BAUTISTA ANGELO, J.:
Doctrine:
There the purpose of the action is not to dispute the validity of any demand for
payment that may have been made upon plaintiff by defendant company on the
strength of its liability under the bonds but rather to ask for its release from its
liability under the bonds for certain breach of its conditions committed by the
milling company, it is immaterial or unnecessary to allege in the complaint that
plaintiff has either paid or been required to pay its obligation under the bonds by
the creditor considering the nature of the main cause of action. It is sufficient if it
alleges therein, as it actually does, that the conditions agreed upon in the bonds has
been violated. The complaint states a valid cause of action insofar as the milling
company is concerned.

Facts:
- Sixto R. Ruiz obtained two crop loans in the aggregate amount of P11,626.00
from Bacolod-Murcia Milling Co., Inc. (BM), subject to the condition that he shall
post surety bonds to guarantee the payment of 25% of said crop loans;
- 2 surety bonds under Associated Insureance (AI) in the aggregate amount of
P2,956.50 were executed subject to the following conditions where AI put up as
protection of its interest:
(1) the BM shall apply the share of the debtor in the harvest of the crops
for which the loans were granted to the liquidation of said loans and no part
thereof shall be applied to other indebtedness until the loans have been fully
liquidated;
(2) the BM shall not grant any additional loan to the debtor in excess of the
latter's share in the crops covered by the bonds without the prior written consent of
AI; and
(3) the liability of AI will terminate upon complete payment of the
indebtedness guaranteed by the bonds;
- However BM failed to comply with conditions 1 and 2 when it granted to the debtor
loans in excess of the latter's share in the harvest of the crops covered by the
bonds without the written consent of AI, and when it failed to notify AI of the
amount the debtor has actually availed himself of the crop loans obtained by him,
thereby depriving AI of its right to be apprised of the amount of the loan actually
obtained, this notice being necessary to enable plaintiff to take steps to protect its
interest; and that in view of the violations of the conditions above-mentioned,
plaintiff is deemed to have been relieved of its liability under the bonds
- BM filed a Motion to Dismiss stating that AIs complaint lacks cause of action as
there had been no valid demand to pay has been made against Ruiz and AI is not
then yet made liable for it. CFI granted the Motion.
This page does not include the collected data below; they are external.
Inductive subword {A : Type} : list A -> list A -> Prop :=
| subword_nil : subword [] []
| subword_skip : forall x s t, subword s t -> subword s (x :: t)
| subword_keep : forall x s t, subword s t -> subword (x :: s) (x :: t).

Definition wle (a b : list M) : Prop :=
  exists b', Permutation b b' /\
  exists s, subword s b' /\ Forall2 massoc a s.

Definition wequiv (a b : list M) : Prop := wle a b /\ wle b a.

Definition minimal_factorization (a : list M) (x : M) : Prop :=
  factorization a x /\
  ~ (exists b, factorization b x /\ wle b a /\ ~ wle a b).

Definition UmF : Prop :=
  (forall x : M, ~ unit_divisor x -> exists a, factorization a x) /\
  (forall (x : M) (a b : list M),
     minimal_factorization a x -> minimal_factorization b x -> wequiv a b).

End Factorization.

Section Pfin1.
Variable H : monoid.

Definition finite_set (X : H -> Prop) : Prop :=
  exists l : list H, forall x, X x <-> In x l.

Definition is_fin1 (X : H -> Prop) : Prop := finite_set X /\ X (mone H).

Definition Pfin1_car := { X : H -> Prop | is_fin1 X }.

Definition setmul (X Y : H -> Prop) : H -> Prop :=
  fun z => exists x y, X x /\ Y y /\ z = mop x y.

Lemma setmul_fin1 X Y : is_fin1 X -> is_fin1 Y -> is_fin1 (setmul X Y).
Proof.
  intros [[lx HX] X1] [[ly HY] Y1]; split.
  - exists (map (fun p => mop (fst p) (snd p)) (list_prod lx ly)).
    intro z; split.
    + intros (x & y & Hx & Hy & ->).
      apply (in_map (fun p => mop (fst p) (snd p)) _ (x, y)).
      apply in_prod; [apply HX | apply HY]; assumption.
    + intro Hz; apply in_map_iff in Hz as [[x y] [<- Hp]].
      apply in_prod_iff in Hp as [Hx Hy].
      exists x, y; split; [apply HX; auto | split; [apply HY; auto | reflexivity]].
  - exists (mone H), (mone H); split; [auto | split; [auto | now rewrite mop1l]].
Qed.

Definition Pfin1_op (X Y : Pfin1_car) : Pfin1_car :=
  exist _ (setmul (proj1_sig X) (proj1_sig Y))
    (setmul_fin1 (proj2_sig X) (proj2_sig Y)).

Definition single1 : H -> Prop := fun z => z = mone H.

Lemma single1_fin1 : is_fin1 single1.
Proof.
  split.
  - exists [mone H]; intro z; unfold single1; simpl; intuition.
  - reflexivity.
Qed.

Definition Pfin1_one : Pfin1_car := exist _ single1 single1_fin1.

Lemma Pfin1_eq (X Y : Pfin1_car) :
  (forall z, proj1_sig X z <-> proj1_sig Y z) -> X = Y.
Proof.
  destruct X as [X HX], Y as [Y HY]; simpl; intro E.
  assert (X = Y) as <-.
  { apply functional_extensionality; intro z; apply propositional_extensionality; apply E. }
  f_equal; apply proof_irrelevance.
Qed.

Lemma Pfin1_opA X Y Z : Pfin1_op X (Pfin1_op Y Z) = Pfin1_op (Pfin1_op X Y) Z.
Proof.
  apply Pfin1_eq; intro z; simpl; unfold setmul; split.
  - intros (x & w & Hx & (y & u & Hy & Hu & ->) & ->).
    exists (mop x y), u; split; [exists x, y; auto | split; auto]. apply mopA.
  - intros (w & u & (x & y & Hx & Hy & ->) & Hu & ->).
    exists x, (mop y u); split; [auto | split; [exists y, u; auto | symmetry; apply mopA]].
Qed.

Lemma Pfin1_op1l X : Pfin1_op Pfin1_one X = X.
Proof.
  apply Pfin1_eq; intro z; simpl; unfold setmul, single1; split.
  - intros (x & y & -> & Hy & ->); now rewrite mop1l.
  - intro Hz; exists (mone H), z; repeat split; auto; now rewrite mop1l.
Qed.

Lemma Pfin1_op1r X : Pfin1_op X Pfin1_one = X.
Proof.
  apply Pfin1_eq; intro z; simpl; unfold setmul, single1; split.
  - intros (x & y & Hx & -> & ->); now rewrite mop1r.
  - intro Hz; exists z, (mone H); repeat split; auto; now rewrite mop1r.
Qed.

Definition Pfin1 : monoid :=
  @Monoid Pfin1_car Pfin1_op Pfin1_one Pfin1_opA Pfin1_op1l Pfin1_op1r.

End Pfin1.

(* In an almost-breakable monoid H the relation "x s = x or s x = x" is a total
   preorder.  If x is a minimal element of X \ {1}, then x absorbs every s in X from
   one and the same side, so X = {1,x}(X \ {x}) or X = (X \ {x}){1,x}; iterating, X
   is a product of pairwise distinct irreducibles {1,x}.  In P_fin,1(H) divisibility
   implies inclusion, so associated letters are equal and a ⊑ b means that a is a
   sub-multiset of b.  This square-free factorization contains a minimal one, and by
   UmF every minimal factorization is a sub-multiset of that, hence square-free. *)

From Stdlib Require Import List Permutation Classical Wf_nat Lia.
Import ListNotations.

Arguments mdivides {M}.
Arguments massoc {M}.
Arguments unit_divisor {M}.
Arguments irreducible {M}.
Arguments word_prod {M}.
Arguments factorization {M}.
Arguments wle {M}.
Arguments minimal_factorization {M}.

Local Notation "x ** y" := (mop x y) (at level 40, left associativity).

Lemma list_min_exists {A : Type} (R : A -> A -> Prop) (P : A -> Prop) (l : list A) :
  (forall x y, R x y \/ R y x) ->
  (forall x y z, R x y -> R y z -> R x z) ->
  (exists x, In x l /\ P x) ->
  exists m, In m l /\ P m /\ forall s, In s l -> P s -> R m s.
Proof.
  intros Rtot Rtrans.
  induction l as [|a l IH]; intros [y [Hy Py]]; [destruct Hy|].
  destruct (classic (exists x, In x l /\ P x)) as [Ex|Nx].
  - destruct (IH Ex) as [m [Hm [Pm Mm]]].
    destruct (classic (P a /\ R a m)) as [[Pa Ram]|Na].
    + exists a; split; [left; reflexivity|split; [exact Pa|]].
      intros s [<-|Hs] Ps; [|exact (Rtrans _ _ _ Ram (Mm s Hs Ps))].
      destruct (Rtot a a); assumption.
    + exists m; split; [right; exact Hm|split; [exact Pm|]].
      intros s [<-|Hs] Ps; [|exact (Mm s Hs Ps)].
      destruct (Rtot a m); tauto.
  - destruct Hy as [<-|Hy]; [|exfalso; eauto].
    exists a; split; [left; reflexivity|split; [exact Py|]].
    intros s [<-|Hs] Ps; [destruct (Rtot a a); assumption|exfalso; eauto].
Qed.

Section AlmostBreakable.
Context {H : monoid}.
Hypothesis AB : almost_breakable H.

Lemma mop_idem (x : H) : x ** x = x.
Proof. destruct (AB x x) as [[E|E]|[E|E]]; exact E. Qed.

Definition absorbs (x s : H) : Prop := x ** s = x \/ s ** x = x.

Lemma absorbs_total (x s : H) : absorbs x s \/ absorbs s x.
Proof. unfold absorbs; destruct (AB x s) as [[E|E]|[E|E]]; tauto. Qed.

Lemma absorbs_trans (t x s : H) : absorbs t x -> absorbs x s -> absorbs t s.
Proof.
  unfold absorbs; intros [Etx|Ext] [Exs|Esx].
  - left; rewrite <- Etx, <- mopA, Exs; reflexivity.
  - destruct (AB t s) as [[E|E]|[E|E]]; try tauto.
    + assert (t = x) as ->; [|tauto].
      transitivity (t ** (s ** x)); [rewrite Esx; symmetry; exact Etx|].
      rewrite mopA, E; exact Esx.
    + assert (s = x) as ->; [|tauto].
      transitivity (s ** (t ** x)); [rewrite Etx; symmetry; exact E|].
      rewrite mopA, E; exact Esx.
  - destruct (AB t s) as [[E|E]|[E|E]]; try tauto.
    + assert (s = x) as ->; [|tauto].
      transitivity ((x ** t) ** s); [rewrite Ext; symmetry; exact E|].
      rewrite <- mopA, E; exact Exs.
    + assert (t = x) as ->; [|tauto].
      transitivity ((x ** s) ** t); [rewrite Exs; symmetry; exact Ext|].
      rewrite <- mopA, E; exact Exs.
  - right; rewrite <- Ext, mopA, Esx; reflexivity.
Qed.

(* [u] is L-related and [v] is R-related to [x] (Green's relations). *)
Lemma no_distinct_L_and_R_partners (x u v : H) :
  u ** x = x -> x ** u = u -> x ** v = x -> v ** x = v -> u = x \/ v = x.
Proof.
  intros Hux Hxu Hxv Hvx.
  destruct (AB u v) as [[E|E]|[E|E]].
  - left; transitivity (u ** (v ** x)); [rewrite Hvx; symmetry; exact E|].
    rewrite mopA, E; exact Hux.
  - right; symmetry; transitivity (x ** (u ** v)); [rewrite E; symmetry; exact Hxv|].
    rewrite mopA, Hxu; exact E.
  - right; transitivity (v ** (u ** x)); [rewrite Hux; symmetry; exact Hvx|].
    rewrite mopA, E; exact Hux.
  - left; symmetry; transitivity (x ** (v ** u)); [rewrite E; symmetry; exact Hxv|].
    rewrite mopA, Hxv; exact Hxu.
Qed.

Lemma absorbs_one_side (S : H -> Prop) (x : H) :
  (forall s, S s -> absorbs x s) ->
  (forall s, S s -> x ** s = x \/ x ** s = s) \/
  (forall s, S s -> s ** x = x \/ s ** x = s).
Proof.
  intro Hx; apply NNPP; intro N; apply not_or_and in N as [L R].
  apply not_all_ex_not in L as [s1 L]; apply imply_to_and in L as [S1 L].
  apply not_all_ex_not in R as [s2 R]; apply imply_to_and in R as [S2 R].
  assert (E1 : s1 ** x = x) by (destruct (Hx s1 S1); tauto).
  assert (E2 : x ** s2 = x) by (destruct (Hx s2 S2); tauto).
  destruct (no_distinct_L_and_R_partners x (x ** s1) (s2 ** x)) as [F|F].
  - rewrite <- mopA, E1; apply mop_idem.
  - rewrite mopA, mop_idem; reflexivity.
  - rewrite mopA, E2; apply mop_idem.
  - rewrite <- mopA, mop_idem; reflexivity.
  - tauto.
  - tauto.
Qed.

End AlmostBreakable.

Lemma word_prod_app {M : monoid} (a b : list M) :
  word_prod (a ++ b) = word_prod a ** word_prod b.
Proof.
  induction a as [|x a IH]; simpl; [rewrite mop1l; reflexivity|].
  rewrite IH, mopA; reflexivity.
Qed.

Lemma mdivides_refl {M : monoid} (x : M) : mdivides x x.
Proof. exists (mone M), (mone M); rewrite mop1r, mop1l; reflexivity. Qed.

Lemma In_mdivides_word_prod {M : monoid} (x : M) (w : list M) :
  In x w -> mdivides x (word_prod w).
Proof.
  intro Hx; destruct (in_split _ _ Hx) as [w1 [w2 ->]].
  exists (word_prod w1), (word_prod w2); rewrite word_prod_app; simpl.
  rewrite mopA; reflexivity.
Qed.

Lemma subword_app {A : Type} (a r : list A) : subword a (a ++ r).
Proof.
  induction a as [|x a IH]; simpl; [induction r; constructor; auto|].
  constructor; exact IH.
Qed.

Lemma subword_perm {A : Type} (s t : list A) :
  subword s t -> exists r, Permutation t (s ++ r).
Proof.
  induction 1 as [|x s t _ [r IH]|x s t _ [r IH]].
  - exists []; reflexivity.
  - exists (x :: r); rewrite <- Permutation_middle; apply perm_skip; exact IH.
  - exists r; apply perm_skip; exact IH.
Qed.

Lemma finite_set_incl {H : monoid} (X Y : H -> Prop) :
  finite_set H X -> (forall z, Y z -> X z) -> finite_set H Y.
Proof.
  intros [l Hl] YX.
  assert (Yl : forall z, Y z -> In z l) by (intros z Hz; apply Hl, YX, Hz).
  clear X Hl YX; revert Y Yl; induction l as [|a l IH]; intros Y Yl.
  - exists []; intro z; split; [apply Yl|intros []].
  - destruct (IH (fun z => Y z /\ z <> a)) as [l' Hl'].
    { intros z [Yz Nz]; destruct (Yl z Yz); [congruence|assumption]. }
    destruct (classic (Y a)) as [Ya|Na]; [exists (a :: l')|exists l'];
      intro z; simpl; rewrite <- Hl'; destruct (classic (a = z)) as [<-|Nz];
      try assert (z <> a) by congruence; tauto.
Qed.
Issue: W/N AI has valid cause of action notwithstanding BM, in increasing the debt,
has not made any valid demand for payment.
Held: Yes. The purpose of the action is not to dispute the validity of any demand for
payment that may have been made upon AI by BM on the strength of its liability
under the bonds but rather to ask for its release from its liability under the bonds
for certain breach of its conditions committed by the milling company, and it is for
this reason that the action was brought against the milling company. It is sufficient
if it alleges therein, as it actually does, that the conditions agreed upon in the
bonds had been violated. We therefore conclude that the complaint states a valid
cause of action insofar as the milling company is concerned.